第35話 記憶と記録を掘り返せ!

 静岡県いいのや市の国立生体工学研究所の花壇では、ハイビスカスの花が必要以上に夏を演出していた。印象の割には高温に弱い花だと言うが、一体、誰が手入れをしているのであろうか。健二郎はそんなことを考えながら今日も研究所の門をくぐった。
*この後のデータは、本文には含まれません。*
Lemma two_class_charpoly_real z :
  two_class_charpoly c dc oc z = z * z
    - (class_rowsum c d o true + class_rowsum c d o false)%:C%C * z
    + (class_rowsum c d o true * class_rowsum c d o false
       - class_size R c true * class_size R c false * o false true * o true false)%:C%C.
Proof.
rewrite /two_class_charpoly /class_rowsum /class_size.
by rewrite !(rmorphB, rmorphD, rmorphM, rmorph_nat); ring.
Qed.

Lemma two_class_stable :
  (0 < #|[set k | c k == true]|)%N -> (0 < #|[set k | c k == false]|)%N ->
  (forall z, eigenvalue Ac z -> complex.Re z < 0) <->
  [/\ (1 < #|[set k | c k == true]|)%N -> d true - o true true < 0,
      (1 < #|[set k | c k == false]|)%N -> d false - o false false < 0,
      class_rowsum c d o true + class_rowsum c d o false < 0 &
      0 < class_rowsum c d o true * class_rowsum c d o false
          - class_size R c true * class_size R c false * o false true * o true false].
Proof.
move=> neT neF; set T := class_rowsum c d o true + _.
set D := class_rowsum c d o true * _ - _.
split=> [stable|[dT dF sum prod] z].
  have [] := (quadratic_Hurwitz T D).1 => [z|sum prod].
    rewrite -two_class_charpoly_real.
    by move/(charpoly_root_eigenvalue map_two_class neT neF)/stable.
  by split=> // /(eigenvalue_within_class map_two_class)/stable; rewrite -rmorphB.
case/(eigenvalue_two_class map_two_class) => [[b cb ->]|].
  by rewrite -rmorphB; case: b cb => [/dT|/dF].
rewrite two_class_charpoly_real; move: z.
exact: (quadratic_Hurwitz T D).2.
Qed.
End TwoClassStability.

Lemma constant_offdiag_stable (R : rcfType) n (A : 'M[R]_n) (dd oo : R) :
  (1 < n)%N -> (forall k j, A k j = if k == j then dd else oo) ->
  (forall z, eigenvalue (map_mx (real_complex R) A) z -> complex.Re z < 0)
  <-> dd - oo < 0 /\ dd + (n - 1)%:R * oo < 0.
Proof.
case: n A => [|[|n]] // A _ A_def.
pose c k := k == ord0 :> 'I_n.+2.
have A_cls k j : A k j = if k == j then (fun=> dd) (c k) else (fun _ _ => oo) (c k) (c j).
  exact: A_def.
have cT : [set k : 'I_n.+2 | (k == ord0) == true] = [set ord0].
  by apply/setP => k; rewrite !inE eqb_id.
have cF : [set k : 'I_n.+2 | (k == ord0) == false] = [set~ ord0].
  by apply/setP => k; rewrite !inE eqbF_neg.
apply: iff_trans (@two_class_stable _ _ c (fun=> dd) (fun _ _ => oo) A A_cls _ _) _.
- by rewrite /c cT cards1.
- by rewrite /c cF cardsC1 card_ord.
rewrite /class_rowsum /class_size /c cT cF cards1 cardsC1 card_ord /= subn1 /=.
have -> : (dd - oo + 1 * oo) * (dd - oo + n.+1%:R * oo) - 1 * n.+1%:R * oo * oo
          = (dd - oo) * (dd + n.+1%:R * oo) by ring.
have -> : dd - oo + 1 * oo + (dd - oo + n.+1%:R * oo)
          = (dd - oo) + (dd + n.+1%:R * oo) by ring.
split=> [[_ _ sum prod]|[neg1 neg2]]; first by split; nra.
by split=> //; nra.
Qed.

Section ColumnPermutations.
Variables (T : eqType) (n : nat).

Lemma count_mem_row (u : 'rV[T]_n) x :
  count_mem x [tuple u ord0 k | k < n] = #|[set k | u ord0 k == x]|.
Proof.
rewrite /= count_map cardE /enum_mem size_filter count_filter.
by apply: eq_count => k; rewrite !inE andbT.
Qed.

Lemma col_perm_of_counts (r r' : 'rV[T]_n) :
  (forall x, #|[set k | r ord0 k == x]| = #|[set k | r' ord0 k == x]|) ->
  exists s, r = col_perm s r'.
Proof.
move=> cnt.
have /tuple_permP [s e] : perm_eq [tuple r ord0 k | k < n] [tuple r' ord0 k | k < n].
  apply/allP => x _; move: (count_mem_row r x) (count_mem_row r' x).
  by rewrite /= => -> ->; rewrite cnt.
exists s; apply/rowP => k; have := congr1 (nth (r ord0 k) ^~ k) e.
by rewrite -!tnth_nth !tnth_mktuple mxE => ->.
Qed.

Lemma card_ltn_ord i : (i <= n)%N -> #|[set k : 'I_n | (k < i)%N]| = i.
Proof.
move=> le_in; have widen_inj : injective (widen_ord le_in).
  by move=> a b /(congr1 val) e; apply: val_inj.
rewrite -[RHS]card_ord -(card_imset _ widen_inj).
congr #|pred_of_set _|; apply/setP => k; rewrite inE.
apply/idP/imsetP => [ki|[j _ ->]]; last exact: (ltn_ord j).
by exists (Ordinal ki) => //; apply: val_inj.
Qed.

Variables (p q : T) (i : nat) (r : 'rV[T]_n).
Hypotheses (pq : p != q) (card_p : #|[set k | r ord0 k == p]| = i).
Hypothesis card_q : #|[set k | r ord0 k == q]| = (n - i)%N.

Lemma two_valued_coord k : r ord0 k != p -> r ord0 k = q.
Proof.
have cover : [set k | r ord0 k == p] :|: [set k | r ord0 k == q] = [set: 'I_n].
  apply/eqP; rewrite eqEcard finset.subsetT cardsT card_ord cardsU card_p card_q.
  rewrite (_ : _ :&: _ = finset.set0) ?cards0; last first.
    apply/setP => k'; rewrite !inE; apply/negP => /andP [/eqP -> /eqP eq_pq].
    by move: pq; rewrite eq_pq eqxx.
  have : (i <= n)%N by rewrite -card_p (leq_trans (max_card _)) ?card_ord.
  lia.
by move=> rkp; apply/eqP; have := finset.in_setT k; rewrite -cover !inE (negPf rkp).
Qed.

Lemma two_valued_col_perm : exists s, r = col_perm s (\row_k if (k < i)%N then p else q).
Proof.
have le_in : (i <= n)%N by rewrite -card_p (leq_trans (max_card _)) ?card_ord.
set rho := (\row_k if (k < i)%N then p else q)%R.
set low := [set k : 'I_n | (k < i)%N].
have rho_p : [set k | rho ord0 k == p] = low.
  by apply/setP => k; rewrite !inE mxE; case: ifP; rewrite ?eqxx // eq_sym (negPf pq).
have rho_q : [set k | rho ord0 k == q] = ~: low.
  by apply/setP => k; rewrite !inE mxE; case: ifP; rewrite ?eqxx // (negPf pq).
apply: col_perm_of_counts => x.
have [->|xp] := eqVneq x p; first by rewrite rho_p card_ltn_ord.
have [->|xq] := eqVneq x q.
  have := cardsC low; rewrite rho_q card_q card_ltn_ord // card_ord => cC.
  by apply/eqP; rewrite -(eqn_add2l i) subnKC // cC.
have -> : [set k | rho ord0 k == x] = finset.set0.
  apply/setP => k; rewrite !inE mxE.
  by case: ifP => _; [rewrite eq_sym (negPf xp) | rewrite eq_sym (negPf xq)].
have -> : [set k | r ord0 k == x] = finset.set0.
  apply/setP => k; rewrite !inE; have [->|/two_valued_coord ->] := eqVneq (r ord0 k) p.
    by rewrite eq_sym (negPf xp).
  by rewrite eq_sym (negPf xq).
by [].
Qed.
End ColumnPermutations.

Lemma tperm_invariant_col_perm (T U : Type) n (P : 'rV[T]_n -> U) :
  (forall (i j : 'I_n) (x : 'rV[T]_n), P (\row_k x ord0 (tperm i j k)) = P x) ->
  forall s x, P (col_perm s x) = P x.
Proof.
move=> P_tperm s; have [ts -> _] := prod_tpermP s.
elim: ts => [|t ts IH] x; first by rewrite big_nil col_perm1.
rewrite big_cons col_permM -[RHS]IH -[RHS](P_tperm t.1 t.2).
by congr P; apply/rowP => k; rewrite !mxE.
Qed.

Lemma col_perm_tperm_id (T : Type) n (x : 'rV[T]_n) a b :
  x ord0 a = x ord0 b -> col_perm (tperm a b) x = x.
Proof. by move=> xab; apply/rowP => k; rewrite mxE; case: tpermP => [->|->|]. Qed.

Lemma derive_along_line (R : numFieldType) (V V' W : normedModType R)
    (f : V -> W) (f' : V' -> W) x x' v v' :
  (forall t : R, f (t *: v + x) = f' (t *: v' + x')) -> 'D_v f x = 'D_v' f' x'.
Proof.
move=> ff'; have fx : f x = f' x' by have := ff' 0; rewrite !scale0r !add0r.
rewrite /derive fx.
suff -> : (fun h : R => h^-1 *: ((f \o shift x) (h *: v) - f' x'))
        = (fun h : R => h^-1 *: ((f' \o shift x') (h *: v') - f' x')) by [].
by apply/funext => t /=; rewrite ff'.
Qed.

Section PartialDerivatives.
Variables (R : realType) (n : nat).

Lemma shift_col_perm (x : 'rV[R]_n) s j (t : R) :
  t *: delta_mx 0 j + col_perm s x = col_perm s (t *: delta_mx 0 (s j) + x).
Proof. by apply/rowP => k; rewrite !mxE (inj_eq perm_inj). Qed.

Lemma pdiff_col_perm (F G : 'rV[R]_n -> R) s x j :
  (forall y, F (col_perm s y) = G y) -> pdiff F j (col_perm s x) = pdiff G (s j) x.
Proof. by move=> FG; apply: derive_along_line => t; rewrite shift_col_perm FG. Qed.

Lemma pdiff_tperm (F G : 'rV[R]_n -> R) (x : 'rV[R]_n) a b : x ord0 a = x ord0 b ->
  (forall y, F (col_perm (tperm a b) y) = G y) -> pdiff F a x = pdiff G b x.
Proof.
by move=> xab FG; rewrite -{1}(col_perm_tperm_id xab) (pdiff_col_perm _ _ FG) tpermL.
Qed.
End PartialDerivatives.

Section MSRSJacobian.
Variables (R : realType) (n : nat) (l g h : R -> R) (P : 'rV[R]_n -> R) (sigma : R).
Hypothesis msrs : is_MSRS l g h P.
Local Notation F := (msrs_f l g h P sigma).
Local Notation D := (msrs_D l h P).

Lemma msrs_sym s x : P (col_perm s x) = P x.
Proof. by case: msrs => _ /tperm_invariant_col_perm. Qed.

Lemma msrs_f_col_perm s k x : F k (col_perm s x) = F (s k) x.
Proof. by rewrite /msrs_f msrs_sym mxE. Qed.

Lemma msrs_D_col_perm s k x : D k (col_perm s x) = D (s k) x.
Proof. by rewrite /msrs_D msrs_sym mxE. Qed.

Lemma pdiff_P_eq (x : 'rV[R]_n) a b : x ord0 a = x ord0 b -> pdiff P a x = pdiff P b x.
Proof. by move=> xab; apply: pdiff_tperm xab _ => y; rewrite msrs_sym. Qed.

Lemma pdiff_msrs_f_eq (x : 'rV[R]_n) a b :
  x ord0 a = x ord0 b -> pdiff (F a) a x = pdiff (F b) b x.
Proof. by move=> xab; apply: pdiff_tperm xab _ => y; rewrite msrs_f_col_perm tpermL. Qed.

Lemma msrs_D_eq (x : 'rV[R]_n) a b : x ord0 a = x ord0 b -> D a x = D b x.
Proof. by rewrite /msrs_D => ->. Qed.

(* Off the diagonal only the denominator P + h(x_k) of f_k varies, and at an
   equilibrium sigma g(x_k) = l(x_k) (P(x) + h(x_k)). *)
Lemma pdiff_msrs_f_offdiag x k j : equilibrium F x -> j != k ->
  pdiff (F k) j x = pdiff P j x / D k x.
Proof.
case: msrs => [[_ [_ [_ dP]]] _ Ph l0 _] [xpos xeq] jk.
set c := h (x ord0 k); have Pc0 : P x + c != 0 by rewrite gt_eqF ?Ph.
have lk : l (x ord0 k) != 0 by apply: l0.
have dPc : derivable (P + cst c) x (delta_mx 0 j).
  by apply: derivableD; [exact: diff_derivable | exact: derivable_cst].
have -> : pdiff (F k) j x = 'D_(delta_mx 0 j)
    (cst (- l (x ord0 k)) + (sigma * g (x ord0 k)) \*: (fun y => (P y + c)^-1)) x.
  apply: derive_along_line => t /=.
  by rewrite /msrs_f !mxE eqxx eq_sym (negPf jk) mulr0 add0r mulrA.
rewrite deriveD ?derivable_cst //; last exact/derivableZ/derivableV.
rewrite derive_cst add0r deriveZ; last exact: derivableV.
rewrite (@deriveV _ _ (P + cst c)) // deriveD ?derivable_cst //; last exact: diff_derivable.
have eq_k : sigma * g (x ord0 k) = l (x ord0 k) * (P x + c).
  have := xeq k; rewrite /msrs_f -/c => /eqP; rewrite addrC subr_eq0 => /eqP <-.
  by field.
have -> : (P + cst c) x = P x + c by [].
rewrite derive_cst addr0 eq_k /msrs_D /pdiff -/c /GRing.scale /=; field.
by rewrite lk Pc0.
Qed.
 超強化アーティフィシャルボディ・バレンタインの眼は小型の超高性能カメラでもある。そして、そのカメラが見た光景は全て記録されるので、健二郎や郡司が見た光景は後日になっても映像として閲覧が可能なのである。そのため、その映像はこれまでにもゾンビの生態研究の資料とされたり、ゾンビ掃討作戦立案のための材料にもなっていた。とはいえ、そのような映像は莫大な情報量であるため、ほとんどはバレンタイン号から研究所のサーバーに移され、そこで保管されている。無論のこと、記憶はあくまで記憶として健二郎や郡司の脳に残っている。彼らはいわば記録するということと記憶するということが1つの身体で可能なのだ。


 健二郎は栗田の研究室の寝台に寝転がって目を閉じていた。目を閉じていてさえブサイクであるが、それはともかく、健二郎は川崎で感じた既視感を確認するために、自分の視界映像を漁っている最中である。
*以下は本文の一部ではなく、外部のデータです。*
(* Let $C$ be a set and let $L_1,L_2$ be objects of $\mathrm{SList}(C)$. Sending a morphism $L_1\to L_2$ to its associated bijection of index sets defines a bijection between the set of morphisms $L_1\to L_2$ in $\mathrm{SList}(C)$ and the set of bijections $\phi:\{0,\dots,\mathrm{length}(L_2)-1\}\xrightarrow{\sim}\{0,\dots,\mathrm{length}(L_1)-1\}$ such that $L_1[\phi(i)]=L_2[i]$ for all $i$.
   Context: $\mathrm{SList}(C)$ is the category whose objects are finite lists of elements of $C$ and whose morphisms are generated by $\mathrm{sw}_{a,b,l}:a::b::l\to b::a::l$ and $x::_mf:x::l\to x::l'$ (for $f:l\to l'$), subject to: functoriality of $x::_m-$, naturality of $\mathrm{sw}_{a,b,l}$ in $l$, $\mathrm{sw}_{b,a,l}\circ\mathrm{sw}_{a,b,l}=\mathrm{Id}$, and the hexagon relation $\mathrm{sw}_{b,c,a::l}\circ(b::_m\mathrm{sw}_{a,c,l})\circ\mathrm{sw}_{a,b,c::l}=(c::_m\mathrm{sw}_{a,b,l})\circ\mathrm{sw}_{a,c,b::l}\circ(a::_m\mathrm{sw}_{b,c,l})$. $L[i]$ denotes the $i$-th entry (0-indexed) of the list $L$. The bijection associated to a morphism $f:L_1\to L_2$ is the map $\{0,\dots,\mathrm{length}(L_2)-1\}\to\{0,\dots,\mathrm{length}(L_1)-1\}$ obtained by restricting the permutation of $\mathbb{N}$ given by the image of $w(f)$ under the homomorphism $\overline{\mathrm{A}_\infty}\to\mathrm{Perm}(\mathbb{N})$, $s_k\mapsto(k\ k+1)$; here $w$ is the functor $\mathrm{SList}(C)\to(\mathrm{B}\overline{\mathrm{A}_\infty})^{\mathrm{op}}$ with $w(\mathrm{sw}_{a,b,l})=s_0$ and $w(x::_mf)$ obtained from $w(f)$ by the shift $s_i\mapsto s_{i+1}$ ($\overline{\mathrm{A}_\infty}$ being the Coxeter group with generators $s_i$, $i\in\mathbb{N}$, relations $s_i^2=e$, $(s_is_{i+1})^3=e$, $(s_is_j)^2=e$ for $|i-j|>1$). Concretely, $\mathrm{sw}_{a,b,l}$ corresponds to the transposition of indices $0$ and $1$, and $x::_mf$ fixes index $0$ and acts as the bijection of $f$ shifted by one on the remaining indices. *)

From mathcomp Require Import all_boot.
Set Implicit Arguments. Unset Strict Implicit. Unset Printing Implicit Defensive.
 健二郎や郡司の場合、わざわざ端末の操作をしなくとも直接身体と研究所のネットワークを接続し、サーバーにアクセスできる。いまも健二郎の手首からは一本のケーブルが伸びており、そのケーブルは研究室のネットワーク機器に繋がっていた。

 映像そのものは、バレンタイン1号のコンピュータが健二郎の脳に投影している。つまり、健二郎は眼を閉じているが、彼の脳にはかつて見た光景がそのまま見えているのである。

 しかしながら、これまでの戦闘記録だけでも数百時間に及ぶ映像である。手の空いたものに手伝いを頼もうかとも考えたがそうもいかなかった。なにせ、健二郎自身忘れかけているゾンビの挙動を映像から読み取らねばならないのだ。仕方なく健二郎は映像を倍速で閲覧しているのだが、それでもこの作業を始めてから4日が経っていた。

「これでもないなあ。次」

 健二郎は次の視界映像記録を脳裏に再生させた。


 映像の健二郎は、ゾンビを斬り伏せながら街を駆け抜け、大きな建物に到着した。眼を閉じている健二郎はこの建物を記憶していた。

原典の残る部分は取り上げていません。